I am pushing the String approach because I believe it to be a better way to approach the cost of calculating. Instead of finding out too late that my process is far to much for me to handle, I can now assess it as a string, dynamic and precise, it is a set of different patterns of data instead of reifying the actual value it is meant to represent. To make it more clear, understanding that infinity is limitless and a concept of eternal, it is an entirely different thing to sit down and try to compute number so absurdly large that the mere conceptualization is neigh impossible.

To break it down more, saying “no thanks” before you open the nasty grams of non-viable requests is a huge step forward.
I can define and provide integrity while not having to risk costly digestion processes as the process acknowledges the value exists, but it doesn’t try to allocate space to reify it allocation.

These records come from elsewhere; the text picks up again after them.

Lemma smooth_I_comp (d : nat -> R -> R) (f : R -> R) :
  (forall k x, is_derive (d k) x (d (S k) x)) ->
  smooth_I f -> smooth_I (fun x => d O (f x)).
Proof.
  intros Hd Hf. apply smooth_I_derivable. intros n.
  apply derivable_I_n_comp; [exact Hd | apply derivable_I_n_smooth, Hf].
Qed.

Lemma is_derive_I_C (F : R -> C) t (l : C) :
  is_derive_I (V := C_R_NormedModule) F t l <->
  is_derive_I (fun x => fst (F x)) t (fst l) /\ is_derive_I (fun x => snd (F x)) t (snd l).
Proof.
  unfold is_derive_I. fold (within_I t).
  split.
  - intros H. assert (Heps := proj1 (filterlim_locally _ _) H).
    split; apply filterlim_locally; intros eps;
      eapply filter_imp; try apply (Heps eps); intros h Hh; apply Hh.
  - intros [H1 H2]. apply filterlim_locally. intros eps.
    assert (Heps1 := proj1 (filterlim_locally _ _) H1 eps).
    assert (Heps2 := proj1 (filterlim_locally _ _) H2 eps).
    eapply filter_imp; [|exact (filter_and _ _ Heps1 Heps2)]. intros h Hh. exact Hh.
Qed.

Lemma smooth_I_C (F : R -> C) :
  smooth_I (V := C_R_NormedModule) F <->
  smooth_I (fun x => fst (F x)) /\ smooth_I (fun x => snd (F x)).
Proof.
  split.
  - intros [d [Hd0 Hd]]. split.
    + exists (fun n t => fst (d n t)). split.
      * intros t Ht. rewrite Hd0; auto.
      * intros n t Ht. apply (proj1 (is_derive_I_C _ _ _) (Hd n t Ht)).
    + exists (fun n t => snd (d n t)). split.
      * intros t Ht. rewrite Hd0; auto.
      * intros n t Ht. apply (proj1 (is_derive_I_C _ _ _) (Hd n t Ht)).
  - intros [[d1 [H10 H1]] [d2 [H20 H2]]].
    exists (fun n t => (d1 n t, d2 n t)). split.
    + intros t Ht. rewrite H10, H20 by exact Ht. destruct (F t); reflexivity.
    + intros n t Ht. apply is_derive_I_C. split; [apply H1 | apply H2]; exact Ht.
Qed.

Lemma smooth_I_RtoC (f : R -> R) :
  smooth_I f -> smooth_I (V := C_R_NormedModule) (fun x => RtoC (f x)).
Proof. intros Hf. apply smooth_I_C. split; [exact Hf | exact (smooth_I_const 0)]. Qed.

Lemma smooth_I_Cconj (F : R -> C) :
  smooth_I (V := C_R_NormedModule) F ->
  smooth_I (V := C_R_NormedModule) (fun x => Cconj (F x)).
Proof.
  intros [HF1 HF2]%smooth_I_C. apply smooth_I_C. split; [exact HF1 | apply smooth_I_opp, HF2].
Qed.

Lemma smooth_I_Cplus (F G : R -> C) :
  smooth_I (V := C_R_NormedModule) F -> smooth_I (V := C_R_NormedModule) G ->
  smooth_I (V := C_R_NormedModule) (fun x => Cplus (F x) (G x)).
Proof.
  intros [HF1 HF2]%smooth_I_C [HG1 HG2]%smooth_I_C.
  apply smooth_I_C. split; apply smooth_I_plus; assumption.
Qed.

Lemma smooth_I_Cmult (F G : R -> C) :
  smooth_I (V := C_R_NormedModule) F -> smooth_I (V := C_R_NormedModule) G ->
  smooth_I (V := C_R_NormedModule) (fun x => Cmult (F x) (G x)).
Proof.
  intros [HF1 HF2]%smooth_I_C [HG1 HG2]%smooth_I_C.
  apply smooth_I_C. split.
  - apply smooth_I_plus; [apply smooth_I_mult; assumption |].
    apply smooth_I_opp, smooth_I_mult; assumption.
  - apply smooth_I_plus; apply smooth_I_mult; assumption.
Qed.

(** * The entire function (1 - exp (-z)) / z *)

Definition phi_coef (n : nat) : R := (-1) ^ n / INR (fact (S n)).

Last update, I am starting perl and am hoping to do some integration more with Kotlin using it. Perl can do embedded systems, and from what I can surmise, do it very very well. Syntactically, I would like to test its incorporation to build out NLP AI that can recognize certain scripting languages and proceed in an unsupervised fashion to communicate to each other utilizing the more colloquial syntax that Perl provides as saying “my banana” has more meaning to NLP than does “var Banana”.

That is a good update and development in this sphere.

https://github.com/yugely/Dispatch
regex-“(?GREENLIGHT>[1-9])|(?[0])|(?[M]|[\-])|(?<YINTERSECT)|(?O)|(?[\n]|[\r])|(?I)|(?T)|(?E)|(?V)”
val route =
“”"
T --------------M---------------I
-|0000001000|0000001000
-|0000001000|0000001000
-|0000001000|0000001000
-|0000001000|0000001000
-|0000001000|0000001000
-|0100000000|0010100000
-|0000000100|0000010000
-|0000010000|0000001000
-|0010000100|0001000100
-|0000000100|0000000010
-M--------------O--------------M
-|0000000000|0000000000
-|0000000000|0000000000
-|0000000000|0000000000
-|0000000000|0000000000
-|0000000000|0000000000
-|0100001000|0000000100
-|0000100000|0000100000
-|0010001000|0100000010
-|0010000000|0000010000
-|0000000000|0000000000
-E---------------M---------------V
“”".trimIndent()

This is the floor plane coordinate plot used. The borders are single space literals, and the lim
it’s returns are the carriage returns that down-
-
-shift the integer values.

  1. We first run a regex to get the X plane quadrant limits, to make sure it is even, and establish the middle (M), to
    give us quadrant1 (I) and Quadrant2 (T). Any position from Position T to Position M is considered -X (Java/Kotlin reads from
    Left to right). Anything from Position M to Position I is consider +X. The quad limit +/- div 2 must be 0. So Abs(T-M)==Abs(I-M)
  2. We run a regex to get Y Plane coordinate limits. Everything from Position T to Position E. Everything from Position T
    to from M–O–M below is considered +Y and anything from Position M to Position E is considered negative.
    The quad limit +/- div 2 must be 0. So Abs(T)==Abs(E) and validate the limit
  3. We run a validation check to get the limits of Quadrant4 (F) and validate (Pos(E)-pos(V))==(Pos(T)-pos(I))
  4. Once limits are establish we store it a semi mutable object where we only validate that the limits have not changed
    when there is a call from anywhere on the coordinate plane when we get dynamic and changing stream data
  5. Pos O is the Origin point of the planes, and the crossing of the Origin point is marked as the point where we transition from upper quadrants to lower ones.
  6. Repeat the above process to validate the Y limits.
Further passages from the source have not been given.